Jepang terkenal dengan tingkat layanan pelanggannya yang luar biasa. Namun, ada banyak hal yang diinginkan dari perilaku pelanggan dan klien yang jumlahnya semakin meningkat.
Meningkatnya jumlah konsumen yang melakukan kekerasan telah mendorong pemerintah Tokyo untuk memperkenalkan peraturan pertama negara tersebut, atau peraturan yang disetujui secara lokal, untuk melindungi pekerja industri jasa dari pelaku kejahatan. keintiman – Singkatan bahasa Jepang untuk “pelecehan pelanggan.”
Meskipun tidak ada sanksi dalam peraturan Tokyo, yang akan mulai berlaku pada bulan April, para ahli mengatakan langkah tersebut menyoroti masalah sosial yang semakin meningkat dan mungkin membuat masyarakat berpikir dua kali sebelum menyampaikan keluhan mereka kepada pejabat.
Survei serikat pekerja tahun ini menemukan bahwa hampir satu dari dua pekerja sektor jasa, yang merupakan 75% dari angkatan kerja Jepang, telah melaporkan pelecehan seksual mulai dari kata-kata kasar dan tuntutan berlebihan hingga kekerasan dan pengungkapan informasi pribadi di media sosial mereka terkena konflik dengan pelanggan.
Dalam satu kasus, seorang asisten manajer di sebuah supermarket di Tokyo menerima telepon dari seorang pembeli yang mengatakan bahwa tahu yang dia beli di toko tersebut telah habis, menurut Asahi Shimbun. Ketika seorang karyawan mengunjungi rumah pembeli untuk memeriksa, diketahui bahwa tahu dengan tanggal kedaluwarsa yang pendek telah dibeli dua minggu sebelumnya.
Tak ingin mengasingkan pembeli, karyawan tersebut berusaha tetap diplomatis, namun kemudian disuruh pelanggan untuk berlutut dan meminta maaf.
Ledakan kemarahan bahkan telah menyusup ke kantor-kantor pemerintah setempat, dan seorang pegawai perempuan di kantor wilayah Tokyo menceritakan bagaimana seorang warga lanjut usia menuduhnya berharap dia mati dan malah mengundangnya untuk mati.
“Masyarakat tampaknya berpikir mereka bisa mengatakan apa pun yang mereka inginkan kepada pejabat pemerintah karena mereka membayar pajak,” kata seorang pejabat kepada Asahi. “Saya harap mereka memahami bahwa karyawan juga manusia.”
Kementerian Tenaga Kerja dilaporkan sedang mempertimbangkan untuk lebih memperkuat undang-undang tersebut untuk menangani Kasuhara di berbagai bidang, termasuk transportasi umum, restoran, dan call center.

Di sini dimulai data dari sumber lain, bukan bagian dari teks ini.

Lemma lexi_code_postorder key :
  postorder_wrt [rel a b | key b < key a] (lexi_code key).
Proof.
split=> [x u xu nxu | a b x y /and3P [/eqP pab npa npb] /= lab xa yb].
  have [[|c q] ex] := root_path_subtree xu.
    by move: nxu; rewrite cats0 in ex; rewrite (root_path_inj ex) eqxx.
  by rewrite ltEdual /lexi_code ex map_cat ltxi_prefix.
have [q ex] := root_path_subtree xa; have [q' ey] := root_path_subtree yb.
rewrite ltEdual /lexi_code ex ey (root_path_child npa) (root_path_child npb) pab.
by rewrite !cat_rcons !map_cat ltxi_catl /= neqhead_ltxiE // ltn_eqF.
Qed.

End RootedTree.

Section Rank.
Variables (n : nat) (d : Order.disp_t) (T : orderType d) (f : 'I_n -> T).

Definition rank (v : 'I_n) : nat := #|[set u | (f u < f v)%O]|.

Lemma rank_ltE u v : (rank u < rank v) = (f u < f v)%O.
Proof.
apply/idP/idP => [|fuv].
  apply: contraLR; rewrite -leNgt -leqNgt => fvu.
  by apply/subset_leq_card/subsetP => w; rewrite !inE => /lt_le_trans; apply.
apply/proper_card/properP; split; last by exists u; rewrite !inE ?ltxx.
by apply/subsetP => w; rewrite !inE => /lt_trans; apply.
Qed.

Lemma rank_lt_n v : rank v < n.
Proof.
have /proper_card : [set u | (f u < f v)%O] \proper [set: 'I_n].
  by rewrite properT; apply/negP => /eqP e; have := in_setT v; rewrite -e inE ltxx.
by rewrite cardsT card_ord.
Qed.
(* In the network revenue management problem described in the context, the Frequent Re-solving policy satisfies $v^{\mathrm{DLP}}-v^{\mathrm{FR}}=O(\sqrt{T})$: there exist constants $M$ and $T_1$ depending only on $\lambda_1,\dots,\lambda_n$, $r_1,\dots,r_n$ and $A$ (not on the capacities $C_1,\dots,C_m$) such that $v^{\mathrm{DLP}}-v^{\mathrm{FR}}\le M\sqrt{T}$ for all $T\ge T_1$.
   Context: NRM problem: horizon $[0,T]$, $T$ a positive integer; $n$ classes with independent Poisson arrivals $\Lambda_j(t)$ of rates $\lambda_j>0$; $m$ resources with initial capacities $C=(C_1,\dots,C_m)^\top$; accepting a class-$j$ customer earns $r_j\ge0$ and consumes $A_j=(a_{1j},\dots,a_{mj})^\top$, $a_{lj}\ge0$, $A=(a_{lj})$. Customers are irrevocably accepted or rejected upon arrival and can only be accepted if $A_j$ is componentwise at most the remaining capacity. Deterministic LP value: $v^{\mathrm{DLP}}=\max\{T\sum_jr_jx_j:\sum_jA_jx_j\le C/T,\ 0\le x_j\le\lambda_j\}$. Frequent Re-solving (FR) policy: for each $t=0,1,\dots,T-1$, with remaining capacity $C(t)$ and $b(t)=C(t)/(T-t)$, compute an optimal solution $x(t)$ of $\max\{\sum_jr_jx_j:\sum_jA_jx_j\le b(t),\ 0\le x_j\le\lambda_j\}$; during $[t,t+1)$ each arriving class-$j$ customer is accepted independently with probability $x_j(t)/\lambda_j$ if capacity suffices, and rejected otherwise. $v^{\mathrm{FR}}$ is its expected revenue. *)

From Stdlib Require Import Reals Lra Lia.
From Coquelicot Require Import Coquelicot.
Open Scope R_scope.

(* Conventions: classes are indexed by j < n, resources by l < m.
   lam j = lambda_j, r j = r_j, a l j = a_{lj}; a vector in R^k is a
   function nat -> R of which only the first k coordinates matter. *)

Fixpoint fsum (n : nat) (f : nat -> R) : R :=
  match n with
  | O => 0
  | S k => fsum k f + f k
  end.

Definition lp_feas (n m : nat) (lam : nat -> R) (a : nat -> nat -> R)
  (b : nat -> R) (x : nat -> R) : Prop :=
  (forall j, (j < n)%nat -> 0 <= x j <= lam j) /\
  (forall l, (l < m)%nat -> fsum n (fun j => a l j * x j) <= b l).

Definition lp_opt (n m : nat) (lam r : nat -> R) (a : nat -> nat -> R)
  (b : nat -> R) (x : nat -> R) : Prop :=
  lp_feas n m lam a b x /\
  forall y, lp_feas n m lam a b y ->
    fsum n (fun j => r j * y j) <= fsum n (fun j => r j * x j).

Fixpoint fitsb (m : nat) (a : nat -> nat -> R) (j : nat) (c : nat -> R) : bool :=
  match m with
  | O => true
  | S m' => fitsb m' a j c && (if Rle_dec (a m' j) (c m') then true else false)
  end.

Majelis Metropolitan Tokyo mengesahkan peraturan tersebut minggu lalu di bawah tekanan dari serikat pekerja dan perwakilan industri yang memperingatkan bahwa momok pelanggan yang tidak puas akan menyebar ke wilayah lain di negara tersebut.

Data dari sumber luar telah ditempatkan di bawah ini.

(* Let $\mathcal{B}=\{x\in\mathbb{R}^d:\|x\|_2\le R\}$ and $g_1,\dots,g_m$ convex differentiable with $\mathcal{K}=\{x:g_i(x)\le0,\ i=1,\dots,m\}\subseteq\mathcal{B}$ nonempty. Let $f_1,\dots,f_T$ be convex differentiable, and assume for all $x,y\in\mathcal{B}$, $t$, $i$: $\|\nabla f_t(x)\|\le G$, $\|\nabla g_i(x)\|\le G$, $|g_i(x)|\le D$, and $f_t(x)-f_t(y)\le F$. Define $\mathcal{L}_t(x,\lambda)=f_t(x)+\sum_{i=1}^m\bigl(\lambda_ig_i(x)-\frac{\delta\eta}{2}\lambda_i^2\bigr)$ for $\lambda\in\mathbb{R}^m_+$, and run $x_1=0$, $\lambda_1=0$, $$x_{t+1}=\Pi_{\mathcal{B}}\bigl(x_t-\eta\nabla_x\mathcal{L}_t(x_t,\lambda_t)\bigr),\qquad \lambda_{t+1}=\Pi_{[0,\infty)^m}\bigl(\lambda_t+\eta\nabla_\lambda\mathcal{L}_t(x_t,\lambda_t)\bigr).$$ Let $a=R\sqrt{(m+1)G^2+2mD^2}$ and $\eta=R^2/(a\sqrt T)$; assume $T$ is large enough that $2\sqrt2\eta(m+1)\le1$, and choose $\delta>0$ with $\delta\ge(m+1)G^2+2m\delta^2\eta^2$. Then for $x_*=\arg\min_{x\in\mathcal{K}}\sum_{t=1}^Tf_t(x)$, $$\sum_{t=1}^T\bigl(f_t(x_t)-f_t(x_* )\bigr)\le a\sqrt T,\qquad \sum_{t=1}^Tg_i(x_t)\le\sqrt{2\bigl(FT+a\sqrt T\bigr)\sqrt T\Bigl(\frac{\delta R^2}{a}+\frac{ma}{R^2}\Bigr)}\quad(i=1,\dots,m).$$
   Context: $\Pi_S$ is Euclidean projection onto $S$; $x_t$ is chosen before $f_t$ is revealed. The iterates need not lie in $\mathcal{K}$; the second bound is the long-term violation of the constraints, which is $O(T^{3/4})$, while the regret is $O(\sqrt T)$. *)

From HB Require Import structures.
From Stdlib Require Import Reals.
From mathcomp Require Import all_boot.
Set Implicit Arguments.
Unset Strict Implicit.
Unset Printing Implicit Defensive.

Open Scope R_scope.

HB.instance Definition _ :=
  Monoid.isComLaw.Build R 0 Rplus
    (fun a b c => esym (Rplus_assoc a b c)) Rplus_comm Rplus_0_l.

Definition vec (n : nat) := 'I_n -> R.

Definition vzero (n : nat) : vec n := fun _ => 0.
Definition vadd (n : nat) (x y : vec n) : vec n := fun i => x i + y i.
Definition vsub (n : nat) (x y : vec n) : vec n := fun i => x i - y i.
Definition vscale (n : nat) (c : R) (x : vec n) : vec n := fun i => c * x i.

Definition dot (n : nat) (x y : vec n) : R := \big[Rplus/0]_(i < n) (x i * y i).
Definition norm2 (n : nat) (x : vec n) : R := sqrt (dot x x).

Definition ball (n : nat) (r : R) (x : vec n) : Prop := norm2 x <= r.
Definition orthant (n : nat) (x : vec n) : Prop := forall i, 0 <= x i.

Definition is_proj (n : nat) (S : vec n -> Prop) (y p : vec n) : Prop :=
  S p /\ forall z, S z -> norm2 (vsub y p) <= norm2 (vsub y z).

Definition convex (n : nat) (h : vec n -> R) : Prop :=
  forall (x y : vec n) (s : R), 0 <= s <= 1 ->
    h (vadd (vscale s x) (vscale (1 - s) y)) <= s * h x + (1 - s) * h y.

Definition is_gradient (n : nat) (h : vec n -> R) (x g : vec n) : Prop :=
  forall eps, 0 < eps -> exists del, 0 < del /\
    forall y : vec n, norm2 (vsub y x) < del ->
      Rabs (h y - h x - dot g (vsub y x)) <= eps * norm2 (vsub y x).

Definition sumT (T : nat) (u : nat -> R) : R := \big[Rplus/0]_(1 <= t < T.+1) u t.

(* Each step of the method is a projected gradient step, descent in x and ascent
   in lambda, on the regularized Lagrangian L_t, which is convex in x and concave
   in lambda.  Since projections onto convex sets are non-expansive towards points
   of the set, for every feasible z and every mu >= 0
     2 eta (L_t(x_t, mu) - L_t(z, lambda_t))
       <= |x_t - z|^2 + |lambda_t - mu|^2 - |x_(t+1) - z|^2 - |lambda_(t+1) - mu|^2
          + eta^2 (|grad_x L_t|^2 + |grad_lambda L_t|^2).
   The gradients are at most eta^2 ((m+1) G^2 + 2 m D^2) + delta eta^2 |lambda_t|^2
   by the choice of delta, and the last term is absorbed by the regularization
   -(delta eta / 2) |lambda_t|^2 in L_t(z, lambda_t).  Telescoping over t, mu = 0
   gives the regret bound; mu = M e_i gives a quadratic inequality in M whose
   optimization bounds the square of the cumulative violation of constraint i. *)
From HB Require Import structures.
From Stdlib Require Import Reals Lra.
From mathcomp Require Import all_boot zify.
Open Scope R_scope.
Set Implicit Arguments.
Unset Strict Implicit.

HB.instance Definition _ := Monoid.isMulLaw.Build R 0 Rmult Rmult_0_l Rmult_0_r.
HB.instance Definition _ :=
  Monoid.isAddLaw.Build R Rmult Rplus Rmult_plus_distr_r Rmult_plus_distr_l.

Lemma big_Rle (I : Type) (r : seq I) (P : pred I) (F G : I -> R) :
  (forall i, P i -> F i <= G i) ->
  \big[Rplus/0]_(i <- r | P i) F i <= \big[Rplus/0]_(i <- r | P i) G i.
Proof. by move=> FG; apply: (big_ind2 (fun u v => u <= v)) => // *; lra. Qed.

Lemma big_Rge0 (I : Type) (r : seq I) (P : pred I) (F : I -> R) :
  (forall i, P i -> 0 <= F i) -> 0 <= \big[Rplus/0]_(i <- r | P i) F i.
Proof. by move=> F0; apply: (big_ind (fun u => 0 <= u)) => // *; lra. Qed.

Lemma big_Rlincomb3 n (F G H : 'I_n -> R) a b c :
  \big[Rplus/0]_(i < n) (a * F i + b * G i + c * H i)
  = a * \big[Rplus/0]_(i < n) F i + b * \big[Rplus/0]_(i < n) G i
    + c * \big[Rplus/0]_(i < n) H i.
Proof. by rewrite !big_split /= !big_distrr. Qed.

Lemma big_Rconst n (c : R) : \big[Rplus/0]_(i < n) c = INR n * c.
Proof.
elim: n => [|n IHn]; first by rewrite big_ord0 /=; ring.
by rewrite big_ord_recr IHn S_INR /=; ring.
Qed.

Lemma sumT0 (u : nat -> R) : sumT 0 u = 0.
Proof. by rewrite /sumT big_geq. Qed.

Lemma sumT_recr n (u : nat -> R) : sumT n.+1 u = sumT n u + u n.+1.
Proof. by rewrite /sumT big_nat_recr. Qed.

Lemma sumT_ge n (u : nat -> R) c :
  (forall t, (1 <= t <= n)%nat -> c <= u t) -> INR n * c <= sumT n u.
Proof.
elim: n => [|n IHn] uc; first by rewrite sumT0 /=; lra.
rewrite sumT_recr S_INR.
have := IHn (fun t tn => uc t ltac:(lia)); have := uc n.+1 ltac:(lia); lra.
Qed.

Definition sqnorm n (v : vec n) : R := dot v v.

Lemma sqnorm_ge0 n (v : vec n) : 0 <= sqnorm v.
Proof. by apply: big_Rge0 => k _; apply: Rle_0_sqr. Qed.

Lemma sqnorm0 n : sqnorm (@vzero n) = 0.
Proof. by rewrite /sqnorm /dot big1 // => k _; rewrite /vzero; ring. Qed.

Lemma sqnorm_vsub0l n (v : vec n) : sqnorm (vsub (@vzero n) v) = sqnorm v.
Proof. by apply: eq_bigr => k _; rewrite /vsub /vzero; ring. Qed.

Lemma sqnorm_le_norm2 n (u v : vec n) : norm2 u <= norm2 v -> sqnorm u <= sqnorm v.
Proof. exact: sqrt_le_0 (sqnorm_ge0 u) (sqnorm_ge0 v). Qed.

Lemma sqnorm_le_of_norm2 n (v : vec n) c : norm2 v <= c -> sqnorm v <= c ^ 2 /\ 0 <= c.
Proof.
move=> vc; have := sqrt_pos (sqnorm v); have := sqrt_sqrt _ (sqnorm_ge0 v).
rewrite /norm2 -/(sqnorm v) in vc; split; nra.
Qed.

Lemma ball_of_sqnorm n r (v : vec n) : 0 <= r -> sqnorm v <= r ^ 2 -> ball r v.
Proof. by move=> r0 vr; rewrite /ball /norm2 -(sqrt_pow2 r r0); apply: sqrt_le_1_alt. Qed.

Lemma dot_vsubC n (u v w : vec n) : dot u (vsub v w) = - dot u (vsub w v).
Proof.
suff : dot u (vsub v w) + dot u (vsub w v) = 0 by lra.
by rewrite /dot -big_split big1 // => k _; rewrite /vsub /=; ring.
Qed.

Lemma dot_lincomb n m (a : vec n) (l : 'I_m -> R) (b : 'I_m -> vec n) (w : vec n) :
  dot (fun k => a k + \big[Rplus/0]_(i < m) (l i * b i k)) w
  = dot a w + \big[Rplus/0]_(i < m) (l i * dot (b i) w).
Proof.
rewrite /dot; under [X in _ = _ + X]eq_bigr => i _ do rewrite big_distrr /=.
rewrite exchange_big /= -big_split /=; apply: eq_bigr => k _; rewrite Rmult_plus_distr_r big_distrl /=.
by congr (_ + _); apply: eq_bigr => i _; ring.
Qed.

Definition convex_set n (S : vec n -> Prop) : Prop :=
  forall p z, S p -> S z -> forall s, 0 < s <= 1 -> S (fun k => p k + s * (z k - p k)).

Lemma ball_convex n r : convex_set (@ball n r).
Proof.
move=> p z /sqnorm_le_of_norm2 [pr r0] /sqnorm_le_of_norm2 [zr _] s s01.
apply: ball_of_sqnorm => //.
have -> : sqnorm (fun k => p k + s * (z k - p k))
    = (1 - s) ^ 2 * sqnorm p + (2 * s * (1 - s)) * dot p z + s ^ 2 * sqnorm z.
  by rewrite /sqnorm /dot -big_Rlincomb3; apply: eq_bigr => k _; ring.
have cross : 2 * dot p z <= sqnorm p + sqnorm z.
  have := sqnorm_ge0 (vsub p z).
  rewrite [sqnorm (vsub p z)](_ : _ = 1 * sqnorm p + (-2) * dot p z + 1 * sqnorm z); first lra.
  by rewrite /sqnorm /dot -big_Rlincomb3; apply: eq_bigr => k _; rewrite /vsub; ring.
have : 0 <= s * (1 - s) by nra.
nra.
Qed.

Lemma orthant_convex n : convex_set (@orthant n).
Proof. by move=> p z p0 z0 s s01 k; have := p0 k; have := z0 k; nra. Qed.

Lemma Rle0_of_le_mul_small (b c : R) :
  0 <= c -> (forall s, 0 < s <= 1 -> 2 * b <= s * c) -> b <= 0.
Proof.
move=> c0 bc; case: (Rle_lt_dec b 0) => // b0.
set s := b / (b + c).
have s_def : s * (b + c) = b by rewrite /s; field; lra.
have s0 : 0 < s by apply: Rdiv_lt_0_compat; lra.
have s1 : s <= 1 by nra.
have := bc s (conj s0 s1); nra.
Qed.

Lemma proj_obtuse n (S : vec n -> Prop) y p z :
  convex_set S -> is_proj S y p -> S z -> dot (vsub y p) (vsub z p) <= 0.
Proof.
move=> convS [Sp pmin] Sz.
apply: (Rle0_of_le_mul_small (sqnorm_ge0 (vsub z p))) => s s01.
have := sqnorm_le_norm2 (pmin _ (convS _ _ Sp Sz s s01)).
rewrite [X in _ <= X -> _](_ : _ = 1 * sqnorm (vsub y p)
    + (-2 * s) * dot (vsub y p) (vsub z p) + s ^ 2 * sqnorm (vsub z p)).
  by move=> h; apply: (Rmult_le_reg_l s); nra.
by rewrite /sqnorm /dot -big_Rlincomb3; apply: eq_bigr => k _; rewrite /vsub; ring.
Qed.

Lemma proj_sqdist_le n (S : vec n -> Prop) y p z :
  convex_set S -> is_proj S y p -> S z -> sqnorm (vsub p z) <= sqnorm (vsub y z).
Proof.
move=> convS projp Sz; have := proj_obtuse convS projp Sz.
rewrite [sqnorm (vsub y z)](_ : _ = 1 * sqnorm (vsub y p)
    + (-2) * dot (vsub y p) (vsub z p) + 1 * sqnorm (vsub p z)).
  by have := sqnorm_ge0 (vsub y p); lra.
by rewrite /sqnorm /dot -big_Rlincomb3; apply: eq_bigr => k _; rewrite /vsub; ring.
Qed.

Tiga prefektur lain juga sedang mempertimbangkan tindakan serupa, dan beberapa pemerintah kota serta perusahaan kini memberikan opsi kepada karyawan untuk hanya menampilkan nama mereka di lencana identitas mereka. Sebuah department store di Tokyo mengumumkan awal tahun ini bahwa mereka akan melarang pelanggan yang tidak diinginkan dan melaporkan kasus-kasus serius kepada polisi, sementara perusahaan lain, termasuk Nintendo, mengatakan mereka tidak akan terlibat dengan individu yang melakukan pelecehan.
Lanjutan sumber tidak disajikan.